## Problem to work on
Output exactly the lines that run from the top of the entries to the line holding "rewrite /child; case=>", including both of those lines.

***** Raw data *****

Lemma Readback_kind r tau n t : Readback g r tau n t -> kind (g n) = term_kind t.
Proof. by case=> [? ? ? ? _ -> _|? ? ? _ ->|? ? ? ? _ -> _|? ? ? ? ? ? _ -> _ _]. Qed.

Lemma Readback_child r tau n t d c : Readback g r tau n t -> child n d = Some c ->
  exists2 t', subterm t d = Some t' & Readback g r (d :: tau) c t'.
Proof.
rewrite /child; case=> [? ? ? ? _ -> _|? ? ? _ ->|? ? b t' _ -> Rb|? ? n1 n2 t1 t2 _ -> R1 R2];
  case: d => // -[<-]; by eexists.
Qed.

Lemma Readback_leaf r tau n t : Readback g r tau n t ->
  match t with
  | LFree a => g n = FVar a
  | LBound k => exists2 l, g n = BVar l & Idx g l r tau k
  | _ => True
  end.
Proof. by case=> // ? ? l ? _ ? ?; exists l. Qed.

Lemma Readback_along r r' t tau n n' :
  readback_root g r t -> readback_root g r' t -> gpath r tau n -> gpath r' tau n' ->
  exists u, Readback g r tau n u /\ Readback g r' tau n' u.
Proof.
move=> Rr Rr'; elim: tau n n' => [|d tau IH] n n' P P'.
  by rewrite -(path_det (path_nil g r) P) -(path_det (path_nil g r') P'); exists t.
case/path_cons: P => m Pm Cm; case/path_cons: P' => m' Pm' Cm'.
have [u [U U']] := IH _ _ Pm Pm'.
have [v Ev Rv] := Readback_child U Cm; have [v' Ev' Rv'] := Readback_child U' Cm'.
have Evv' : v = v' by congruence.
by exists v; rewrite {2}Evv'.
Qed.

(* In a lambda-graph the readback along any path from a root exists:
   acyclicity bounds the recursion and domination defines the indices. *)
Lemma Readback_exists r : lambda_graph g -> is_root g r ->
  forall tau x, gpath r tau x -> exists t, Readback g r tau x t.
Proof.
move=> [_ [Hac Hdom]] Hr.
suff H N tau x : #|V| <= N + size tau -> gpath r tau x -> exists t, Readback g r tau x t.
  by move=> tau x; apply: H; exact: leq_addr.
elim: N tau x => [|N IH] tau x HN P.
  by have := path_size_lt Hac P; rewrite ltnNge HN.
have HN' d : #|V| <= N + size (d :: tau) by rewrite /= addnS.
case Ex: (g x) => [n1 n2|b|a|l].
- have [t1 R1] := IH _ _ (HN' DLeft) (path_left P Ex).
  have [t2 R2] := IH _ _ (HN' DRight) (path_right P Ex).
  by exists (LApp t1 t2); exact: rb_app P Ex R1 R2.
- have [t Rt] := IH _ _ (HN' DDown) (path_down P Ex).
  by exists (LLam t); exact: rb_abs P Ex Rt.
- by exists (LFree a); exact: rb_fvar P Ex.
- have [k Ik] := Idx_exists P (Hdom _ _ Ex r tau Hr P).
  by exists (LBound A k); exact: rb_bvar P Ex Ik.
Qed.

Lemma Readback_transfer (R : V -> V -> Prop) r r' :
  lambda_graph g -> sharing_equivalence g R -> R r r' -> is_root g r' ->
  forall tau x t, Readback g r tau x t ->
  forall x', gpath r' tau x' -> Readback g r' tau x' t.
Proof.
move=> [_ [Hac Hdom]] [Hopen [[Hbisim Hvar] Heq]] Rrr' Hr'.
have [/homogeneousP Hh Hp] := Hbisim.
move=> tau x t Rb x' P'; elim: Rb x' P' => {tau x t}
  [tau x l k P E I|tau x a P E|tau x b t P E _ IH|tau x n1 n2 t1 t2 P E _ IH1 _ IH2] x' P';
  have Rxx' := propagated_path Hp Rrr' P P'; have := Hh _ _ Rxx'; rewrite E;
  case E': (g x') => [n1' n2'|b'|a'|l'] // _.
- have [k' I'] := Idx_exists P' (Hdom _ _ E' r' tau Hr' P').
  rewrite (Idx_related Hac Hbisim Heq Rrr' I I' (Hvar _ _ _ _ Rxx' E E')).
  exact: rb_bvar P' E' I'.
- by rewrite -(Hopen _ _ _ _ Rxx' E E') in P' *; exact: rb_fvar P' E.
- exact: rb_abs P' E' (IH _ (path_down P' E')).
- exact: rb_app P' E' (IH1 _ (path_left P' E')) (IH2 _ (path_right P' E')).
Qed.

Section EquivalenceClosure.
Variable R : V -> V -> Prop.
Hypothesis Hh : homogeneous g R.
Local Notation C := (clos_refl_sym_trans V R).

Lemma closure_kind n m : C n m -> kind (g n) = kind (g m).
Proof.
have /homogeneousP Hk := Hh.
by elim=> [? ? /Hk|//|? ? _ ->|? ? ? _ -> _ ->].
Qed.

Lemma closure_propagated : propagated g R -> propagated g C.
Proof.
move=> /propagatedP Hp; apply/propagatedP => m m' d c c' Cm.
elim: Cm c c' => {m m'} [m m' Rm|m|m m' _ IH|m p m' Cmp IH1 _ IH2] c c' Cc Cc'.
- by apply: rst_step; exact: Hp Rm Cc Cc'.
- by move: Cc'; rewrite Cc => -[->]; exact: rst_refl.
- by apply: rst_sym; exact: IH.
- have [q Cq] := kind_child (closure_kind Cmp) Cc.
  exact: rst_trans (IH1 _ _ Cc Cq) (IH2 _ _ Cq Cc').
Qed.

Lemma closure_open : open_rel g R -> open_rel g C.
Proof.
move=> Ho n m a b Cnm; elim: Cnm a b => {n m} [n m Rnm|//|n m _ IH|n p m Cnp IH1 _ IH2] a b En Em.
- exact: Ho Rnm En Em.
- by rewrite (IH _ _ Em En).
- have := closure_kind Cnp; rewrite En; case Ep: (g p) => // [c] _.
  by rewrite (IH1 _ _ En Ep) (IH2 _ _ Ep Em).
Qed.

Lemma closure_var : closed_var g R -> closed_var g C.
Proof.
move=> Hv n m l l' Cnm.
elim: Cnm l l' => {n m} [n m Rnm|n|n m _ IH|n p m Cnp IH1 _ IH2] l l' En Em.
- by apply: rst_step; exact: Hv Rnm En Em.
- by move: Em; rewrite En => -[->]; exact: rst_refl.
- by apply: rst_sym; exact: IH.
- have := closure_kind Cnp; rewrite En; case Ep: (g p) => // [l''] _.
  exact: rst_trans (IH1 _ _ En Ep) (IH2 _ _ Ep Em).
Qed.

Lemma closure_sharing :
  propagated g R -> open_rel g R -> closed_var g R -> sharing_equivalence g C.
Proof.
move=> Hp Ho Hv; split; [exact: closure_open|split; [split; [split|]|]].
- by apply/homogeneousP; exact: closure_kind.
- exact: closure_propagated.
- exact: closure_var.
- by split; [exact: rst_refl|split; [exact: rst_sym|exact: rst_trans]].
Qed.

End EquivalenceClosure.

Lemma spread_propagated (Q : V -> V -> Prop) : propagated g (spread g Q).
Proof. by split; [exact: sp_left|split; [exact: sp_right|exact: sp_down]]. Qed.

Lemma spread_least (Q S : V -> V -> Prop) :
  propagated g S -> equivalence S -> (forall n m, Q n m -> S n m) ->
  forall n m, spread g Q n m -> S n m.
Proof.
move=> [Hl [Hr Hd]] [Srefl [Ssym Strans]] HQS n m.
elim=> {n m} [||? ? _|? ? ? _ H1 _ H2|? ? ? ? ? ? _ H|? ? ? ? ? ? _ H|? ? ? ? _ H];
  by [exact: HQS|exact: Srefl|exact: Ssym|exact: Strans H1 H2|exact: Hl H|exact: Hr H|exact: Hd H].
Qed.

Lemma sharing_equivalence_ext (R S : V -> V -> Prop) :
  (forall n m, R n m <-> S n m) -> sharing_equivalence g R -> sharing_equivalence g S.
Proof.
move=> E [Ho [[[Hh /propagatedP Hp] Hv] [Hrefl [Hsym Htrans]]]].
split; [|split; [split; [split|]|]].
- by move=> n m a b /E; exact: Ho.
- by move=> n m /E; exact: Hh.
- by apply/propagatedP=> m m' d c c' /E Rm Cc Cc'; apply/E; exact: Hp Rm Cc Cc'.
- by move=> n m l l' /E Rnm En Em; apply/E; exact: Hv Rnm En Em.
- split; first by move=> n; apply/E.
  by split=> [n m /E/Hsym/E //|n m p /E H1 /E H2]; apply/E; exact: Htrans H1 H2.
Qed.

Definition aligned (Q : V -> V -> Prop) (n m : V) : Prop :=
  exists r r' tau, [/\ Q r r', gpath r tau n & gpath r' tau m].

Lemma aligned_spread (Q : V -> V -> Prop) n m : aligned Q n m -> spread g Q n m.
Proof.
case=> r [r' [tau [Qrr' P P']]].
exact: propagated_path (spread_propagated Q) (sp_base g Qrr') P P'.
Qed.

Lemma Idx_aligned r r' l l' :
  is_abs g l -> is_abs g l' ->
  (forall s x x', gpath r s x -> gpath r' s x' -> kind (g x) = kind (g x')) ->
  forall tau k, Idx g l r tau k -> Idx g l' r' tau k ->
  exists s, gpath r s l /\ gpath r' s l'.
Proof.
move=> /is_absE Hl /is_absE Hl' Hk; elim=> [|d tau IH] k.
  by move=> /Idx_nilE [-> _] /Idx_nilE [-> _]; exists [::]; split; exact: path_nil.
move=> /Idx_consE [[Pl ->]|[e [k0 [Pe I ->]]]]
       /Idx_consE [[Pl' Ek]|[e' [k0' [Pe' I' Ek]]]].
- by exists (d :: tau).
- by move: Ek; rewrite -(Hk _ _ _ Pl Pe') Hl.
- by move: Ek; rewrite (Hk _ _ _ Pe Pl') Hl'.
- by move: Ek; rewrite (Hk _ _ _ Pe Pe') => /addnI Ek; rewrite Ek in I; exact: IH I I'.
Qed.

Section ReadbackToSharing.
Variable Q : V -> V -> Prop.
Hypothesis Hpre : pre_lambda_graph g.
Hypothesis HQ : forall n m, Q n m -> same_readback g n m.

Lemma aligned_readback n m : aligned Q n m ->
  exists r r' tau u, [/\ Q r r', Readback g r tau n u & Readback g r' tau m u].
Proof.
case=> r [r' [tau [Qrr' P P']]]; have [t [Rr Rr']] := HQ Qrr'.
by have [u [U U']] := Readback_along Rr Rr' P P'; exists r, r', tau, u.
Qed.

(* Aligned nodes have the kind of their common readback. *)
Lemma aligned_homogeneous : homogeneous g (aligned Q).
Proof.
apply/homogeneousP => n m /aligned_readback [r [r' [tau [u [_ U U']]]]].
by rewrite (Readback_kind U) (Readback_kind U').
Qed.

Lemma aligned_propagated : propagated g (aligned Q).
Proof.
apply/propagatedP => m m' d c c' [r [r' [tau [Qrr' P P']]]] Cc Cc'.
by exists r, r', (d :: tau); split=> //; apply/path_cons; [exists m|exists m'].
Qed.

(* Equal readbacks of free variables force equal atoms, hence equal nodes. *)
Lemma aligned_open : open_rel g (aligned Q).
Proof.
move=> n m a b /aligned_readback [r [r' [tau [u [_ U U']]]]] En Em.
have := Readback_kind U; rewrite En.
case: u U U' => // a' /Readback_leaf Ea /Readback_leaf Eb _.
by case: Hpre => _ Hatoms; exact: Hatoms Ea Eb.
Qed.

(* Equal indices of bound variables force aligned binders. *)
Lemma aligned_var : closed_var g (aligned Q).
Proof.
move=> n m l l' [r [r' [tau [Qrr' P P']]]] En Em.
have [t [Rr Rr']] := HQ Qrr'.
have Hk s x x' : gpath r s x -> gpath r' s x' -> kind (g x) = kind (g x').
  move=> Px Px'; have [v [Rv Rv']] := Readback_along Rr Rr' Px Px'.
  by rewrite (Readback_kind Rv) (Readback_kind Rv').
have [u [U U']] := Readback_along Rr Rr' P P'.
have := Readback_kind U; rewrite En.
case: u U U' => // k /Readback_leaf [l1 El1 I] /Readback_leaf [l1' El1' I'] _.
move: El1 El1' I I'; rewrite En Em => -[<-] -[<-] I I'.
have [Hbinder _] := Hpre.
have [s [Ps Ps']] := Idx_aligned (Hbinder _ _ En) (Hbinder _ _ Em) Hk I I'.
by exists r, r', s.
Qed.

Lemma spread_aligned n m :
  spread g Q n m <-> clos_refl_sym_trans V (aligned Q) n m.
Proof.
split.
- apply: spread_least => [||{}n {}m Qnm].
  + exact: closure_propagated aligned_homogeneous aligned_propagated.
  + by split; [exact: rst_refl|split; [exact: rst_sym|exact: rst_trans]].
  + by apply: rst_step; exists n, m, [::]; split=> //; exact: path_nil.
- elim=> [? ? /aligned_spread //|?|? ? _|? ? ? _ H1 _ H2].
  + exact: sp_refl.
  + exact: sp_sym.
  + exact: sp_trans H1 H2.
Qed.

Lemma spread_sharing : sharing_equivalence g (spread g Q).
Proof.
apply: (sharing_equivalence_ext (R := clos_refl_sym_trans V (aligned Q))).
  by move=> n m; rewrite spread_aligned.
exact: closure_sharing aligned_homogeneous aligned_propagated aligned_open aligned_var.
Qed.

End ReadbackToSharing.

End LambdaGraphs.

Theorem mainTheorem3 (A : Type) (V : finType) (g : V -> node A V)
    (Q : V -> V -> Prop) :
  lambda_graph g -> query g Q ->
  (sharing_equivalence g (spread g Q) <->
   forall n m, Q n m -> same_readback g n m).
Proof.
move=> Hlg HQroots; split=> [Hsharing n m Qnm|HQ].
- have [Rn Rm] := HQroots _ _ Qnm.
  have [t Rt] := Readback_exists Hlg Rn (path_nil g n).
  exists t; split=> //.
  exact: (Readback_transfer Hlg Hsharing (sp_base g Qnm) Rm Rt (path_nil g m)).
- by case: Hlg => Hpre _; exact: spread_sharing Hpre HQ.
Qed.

*****

## Exercise output
Lemma Readback_kind r tau n t : Readback g r tau n t -> kind (g n) = term_kind t.
Proof. by case=> [? ? ? ? _ -> _|? ? ? _ ->|? ? ? ? _ -> _|? ? ? ? ? ? _ -> _ _]. Qed.

Lemma Readback_child r tau n t d c : Readback g r tau n t -> child n d = Some c ->
  exists2 t', subterm t d = Some t' & Readback g r (d :: tau) c t'.
Proof.
rewrite /child; case=> [? ? ? ? _ -> _|? ? ? _ ->|? ? b t' _ -> Rb|? ? n1 n2 t1 t2 _ -> R1 R2];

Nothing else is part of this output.